What new applications of botulinum toxin do you find interesting?

Regarding some of the more functional uses, the recent labeling for hyperhidrosis (excessive perspiration) is interesting and obviously has yielded great demand. You have a lot of cases where it’s a lifesaver to those people, especially by dramatically improving their quality of life. Facial spasticity, as well as generalized body spasticity, is another noncosmetic use of botulinum toxin. New applications are being discovered, even in spinal cord/nerve regeneration and wound healing. You can improve your results from surgery by temporarily immobilizing the area, which tends to improve scarring. There’s a lot of science going into neurotoxin study, and that’s exciting for functional uses of botulinum toxin.

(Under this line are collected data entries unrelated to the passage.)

(* Let $Q$ be a quadrilateral in $K^2$. (1) Every $Q$-orthogonal pair $\{\ell_1,\ell_2\}$ of bisectors of $Q$ such that $\ell_1$ and $\ell_2$ are not both parallel to a pair of parallel sides or parallel diagonals of $Q$ is $Q$-antipodal, and hence is a $Q$-pair. (2) Every $Q$-antipodal pair of bisectors of $Q$ that do not share a midpoint is $Q$-orthogonal, and hence is a $Q$-pair.
   Context: $K$ is a field of characteristic $\neq 2$. Every line $L$ in $K^2$ has an equation $tX-uY+v=0$ normalized so that $t=1$ if $u=0$ and $u=1$ if $u\neq 0$; coefficients denoted $t_L,u_L,v_L$. A quadrilateral $Q=ABA'B'$ consists of four distinct lines $A,B,A',B'$ (sides), not all through one point, with adjacent sides ($A,B$; $B,A'$; $A',B'$; $B',A$) not parallel; opposite sides may be parallel. Vertices: $A\cap B$, $B\cap A'$, $A'\cap B'$, $B'\cap A$ (two may coincide if three sides are concurrent). Diagonals: the lines through nonadjacent vertices. The centroid is the average of the four vertices. Let $\alpha=t_Au_Bu_{A'}u_{B'}-u_At_Bu_{A'}u_{B'}+u_Au_Bt_{A'}u_{B'}-u_Au_Bu_{A'}t_{B'}$, $\beta=t_Au_Bt_{A'}u_{B'}-u_At_Bu_{A'}t_{B'}$, $\gamma=t_At_Bt_{A'}u_{B'}-t_At_Bu_{A'}t_{B'}+t_Au_Bt_{A'}t_{B'}-u_At_Bt_{A'}t_{B'}$, and $\langle \mathbf v,\mathbf w\rangle_Q=\mathbf v^T\begin{pmatrix}\gamma&-\beta\\-\beta&\alpha\end{pmatrix}\mathbf w$. Lines $\ell_1,\ell_2$ are $Q$-orthogonal if $\langle (u_{\ell_1},t_{\ell_1}),(u_{\ell_2},t_{\ell_2})\rangle_Q=0$. A line $\ell$ crosses a pair $\{\ell_1,\ell_2\}$ if distinct from both and not parallel to both; $\mathrm{mid}_{\{\ell_1,\ell_2\}}(\ell)$ is the midpoint of the points where $\ell$ meets $\ell_1,\ell_2$ (the point at infinity of $\ell$ if one is at infinity). $\ell$ bisects $Q$ (is a bisector) if $\mathrm{mid}_{\mathsf P}(\ell)$ is the same for all pairs $\mathsf P$ among $\{A,A'\},\{B,B'\}$ that $\ell$ crosses; this common point is the midpoint of the bisector. A pair $\{\ell_1,\ell_2\}$ of bisectors (possibly $\ell_1=\ell_2$) is $Q$-antipodal if the midpoint of their midpoints is the centroid of $Q$, and is a $Q$-pair if it is both $Q$-antipodal and $Q$-orthogonal. *)

From mathcomp Require Import all_boot all_order all_algebra.
Set Implicit Arguments. Unset Strict Implicit. Unset Printing Implicit Defensive.
Import Order.TTheory GRing.Theory Num.Theory.
Local Open Scope ring_scope.

Section Geometry.
Variable K : fieldType.

Definition point := (K * K)%type.

(* A line  t X - u Y + v = 0, normalized: t = 1 if u = 0, and u = 1 if u <> 0. *)
Record line := Line {
  lt : K; lu : K; lv : K;
  line_norm : ((lu == 0) && (lt == 1)) || (lu == 1) }.

Definition on_line (p : point) (l : line) : Prop :=
  lt l * p.1 - lu l * p.2 + lv l = 0.

Lemma mkline_norm0 : ((0 : K) == 0) && ((1 : K) == 1) || ((0 : K) == 1).
Proof. by rewrite !eqxx. Qed.
Lemma mkline_norm1 (t : K) : ((1 : K) == 0) && (t == 1) || ((1 : K) == 1).
Proof. by rewrite eqxx orbT. Qed.
Definition mkline (t u v : K) : line :=
  if u == 0 then @Line 1 0 (v / t) mkline_norm0
  else @Line (t / u) 1 (v / u) (mkline_norm1 (t / u)).

Definition line_through (p q : point) : line :=
  mkline (q.2 - p.2) (q.1 - p.1) ((q.1 - p.1) * p.2 - (q.2 - p.2) * p.1).

(* parallel = same direction (normalized (t,u) coincide); includes equality *)
Definition parallel (l m : line) : bool := (lt l == lt m) && (lu l == lu m).

(* intersection point of two non-parallel lines (Cramer's rule) *)
Definition meet (l m : line) : point :=
  let D := lu l * lt m - lt l * lu m in
  ((lv l * lu m - lu l * lv m) / D, (lt m * lv l - lt l * lv m) / D).

Definition midpt (p q : point) : point := ((p.1 + q.1) / 2%:R, (p.2 + q.2) / 2%:R).

Definition quadrilateral (A B A' B' : line) : Prop :=
  [/\ (A <> B /\ A <> A' /\ A <> B' /\ B <> A' /\ B <> B' /\ A' <> B'),
      ~ (exists p : point, [/\ on_line p A, on_line p B, on_line p A' & on_line p B']) &
      [/\ ~ parallel A B, ~ parallel B A', ~ parallel A' B' & ~ parallel B' A]].

Definition vtx1 (A B A' B' : line) : point := meet A B.
Definition vtx2 (A B A' B' : line) : point := meet B A'.
Definition vtx3 (A B A' B' : line) : point := meet A' B'.
Definition vtx4 (A B A' B' : line) : point := meet B' A.

Definition diag1 (A B A' B' : line) : line :=
  line_through (vtx1 A B A' B') (vtx3 A B A' B').
Definition diag2 (A B A' B' : line) : line :=
  line_through (vtx2 A B A' B') (vtx4 A B A' B').

Definition centroid (A B A' B' : line) : point :=
  let p1 := vtx1 A B A' B' in let p2 := vtx2 A B A' B' in
  let p3 := vtx3 A B A' B' in let p4 := vtx4 A B A' B' in
  ((p1.1 + p2.1 + p3.1 + p4.1) / 4%:R, (p1.2 + p2.2 + p3.2 + p4.2) / 4%:R).

Definition qalpha (A B A' B' : line) : K :=
  lt A * lu B * lu A' * lu B' - lu A * lt B * lu A' * lu B'
  + lu A * lu B * lt A' * lu B' - lu A * lu B * lu A' * lt B'.
Definition qbeta (A B A' B' : line) : K :=
  lt A * lu B * lt A' * lu B' - lu A * lt B * lu A' * lt B'.
Definition qgamma (A B A' B' : line) : K :=
  lt A * lt B * lt A' * lu B' - lt A * lt B * lu A' * lt B'
  + lt A * lu B * lt A' * lt B' - lu A * lt B * lt A' * lt B'.

Definition qform (A B A' B' : line) (v w : K * K) : K :=
  v.1 * (qgamma A B A' B' * w.1 - qbeta A B A' B' * w.2)
  + v.2 * (- qbeta A B A' B' * w.1 + qalpha A B A' B' * w.2).

Definition Qorthogonal (A B A' B' : line) (l1 l2 : line) : Prop :=
  qform A B A' B' (lu l1, lt l1) (lu l2, lt l2) = 0.

Definition crosses (l l1 l2 : line) : Prop :=
  [/\ l <> l1, l <> l2 & ~ (parallel l l1 /\ parallel l l2)].

(* mid_{l1,l2}(l): None stands for the point at infinity of l *)
Definition mid (l1 l2 l : line) : option point :=
  if parallel l l1 || parallel l l2 then None
  else Some (midpt (meet l l1) (meet l l2)).

Definition bisector_mid (A B A' B' : line) (l : line) (m : option point) : Prop :=
  [/\ crosses l A A' -> mid A A' l = m,
      crosses l B B' -> mid B B' l = m &
      crosses l A A' \/ crosses l B B'].

Definition bisector (A B A' B' : line) (l : line) : Prop :=
  exists m, bisector_mid A B A' B' l m.

Definition Qantipodal (A B A' B' : line) (l1 l2 : line) : Prop :=
  exists m1 m2 : point,
    [/\ bisector_mid A B A' B' l1 (Some m1), bisector_mid A B A' B' l2 (Some m2)
      & midpt m1 m2 = centroid A B A' B'].

Definition Qpair (A B A' B' : line) (l1 l2 : line) : Prop :=
  Qantipodal A B A' B' l1 l2 /\ Qorthogonal A B A' B' l1 l2.

Definition both_par_to_parallel_pair (A B A' B' : line) (l1 l2 : line) : Prop :=
  [\/ [/\ parallel A A', parallel l1 A & parallel l2 A],
      [/\ parallel B B', parallel l1 B & parallel l2 B] |
      [/\ parallel (diag1 A B A' B') (diag2 A B A' B'),
          parallel l1 (diag1 A B A' B') & parallel l2 (diag1 A B A' B')]].

End Geometry.

(* A line through [m] with direction [d] has midpoint [m] with respect to the
   opposite sides [X], [Y] iff [d] is parallel to a vector [mid_dir X Y m]
   that is affine in [m].  For a fixed direction [d], bisector midpoints
   therefore solve a 2x2 linear system of determinant [-2 <d, d>_Q], and every
   bisector midpoint [m] lies on the conic where [mid_dir A A' m] and
   [mid_dir B B' m] are parallel.  An explicit identity shows that on this
   conic both vectors are Q-orthogonal to [mid_dir A A' m*] and [mid_dir B B' m*],
   where [m*] is the reflection of [m] in the centroid.  The Q-form is
   nondegenerate: its discriminant is minus the product of the cross products of
   adjacent sides.
   (1) If [l2] is Q-orthogonal to a bisector [l1] with midpoint [m1], then [m1*]
   solves the system for the direction of [l2], so it is the midpoint of [l2]
   unless that direction is Q-isotropic.  Isotropy forces [l1 // l2], and a
   degenerate system with a solution forces [l2] to be parallel to two
   parallel sides, or to both diagonals.
   (2) If the midpoints are [m1] and [m2 = m1*] with [m1 <> m2], then [m2] is not
   the centroid, so some [mid_dir _ m2] is a nonzero vector parallel to [l2]
   and Q-orthogonal to [l1]. *)

From mathcomp Require Import all_boot all_order all_algebra.
From mathcomp Require Import ring.
From Stdlib Require Import Classical.
Set Implicit Arguments. Unset Strict Implicit. Unset Printing Implicit Defensive.
Import GRing.Theory.
Local Open Scope ring_scope.

Section PlaneVectors.
Variable K : fieldType.
Implicit Types (u v w d x y : K * K).

Definition cross u v := u.1 * v.2 - u.2 * v.1.
Definition dot u v := u.1 * v.1 + u.2 * v.2.

Lemma pair_eq0 v : (v == 0) = (v.1 == 0) && (v.2 == 0).
Proof. by case: v => a b; rewrite xpair_eqE. Qed.

Lemma pair_neq0 v : v != 0 -> v.1 != 0 \/ v.2 != 0.
Proof. by rewrite pair_eq0 negb_and => /orP. Qed.

Lemma crossvv v : cross v v = 0.
Proof. by rewrite /cross mulrC subrr. Qed.

Lemma crossC u v : cross u v = - cross v u.
Proof. rewrite /cross; ring. Qed.

Lemma cross_eq0_scale u v : u != 0 -> cross u v = 0 ->
  exists k, v = (k * u.1, k * u.2).
Proof.
case: u v => [a b] [c e] /pair_neq0 /= hu; rewrite /cross /= => /eqP.
rewrite subr_eq0 => /eqP h.
case: hu => [ha | hb].
- exists (c / a); congr pair; first by rewrite mulfVK.
  by apply: (mulfI ha); rewrite h; field.
- exists (e / b); congr pair; last by rewrite mulfVK.
  by apply: (mulfI hb); rewrite -h; field.
Qed.

Lemma cross_eq0_trans u v d : d != 0 -> cross u d = 0 -> cross v d = 0 ->
  cross u v = 0.
Proof.
rewrite (crossC u) (crossC v) => hd /eqP; rewrite oppr_eq0 => /eqP.
move=> /(cross_eq0_scale hd) [k ->] /eqP; rewrite oppr_eq0 => /eqP.
move=> /(cross_eq0_scale hd) [k' ->]; rewrite /cross /=; ring.
Qed.

Lemma dot_eq0_pair u v x : cross u v != 0 -> dot u x = 0 -> dot v x = 0 ->
  x = 0.
Proof.
move=> huv hu hv; apply/eqP; rewrite pair_eq0.
have -> : x.1 = (v.2 * dot u x - u.2 * dot v x) / cross u v.
  by rewrite /dot /cross; field.
have -> : x.2 = (u.1 * dot v x - v.1 * dot u x) / cross u v.
  by rewrite /dot /cross; field.
by rewrite hu hv !mulr0 subrr mul0r eqxx.
Qed.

Another one of my discoveries has also gained significant interest lately: the treatment of mild to moderate upper-eyelid ptosis with botulinum toxin. The greatest concern, still, that new patients relay is getting “a droopy eyelid” from the treatment. It is interesting how this fear is dissipated when patients are told that the drug can actually be used as a treatment for drooping eyelid. I probably treat at least one patient a day for a mild to moderate upper-eyelid ptosis with botulinum toxin. Facial reshaping is a really exciting application. I use low-dose botulinum toxin on the eyelid to improve eyelid shape. Someone who has a mild droop of their upper eyelid or a lid malposition or asymmetry, and is not particularly interested in surgery at the time, now has an effective, nonsurgical—albeit temporary—treatment option.

Danielle Cohen is a contributing writer for Plastic Surgery Products.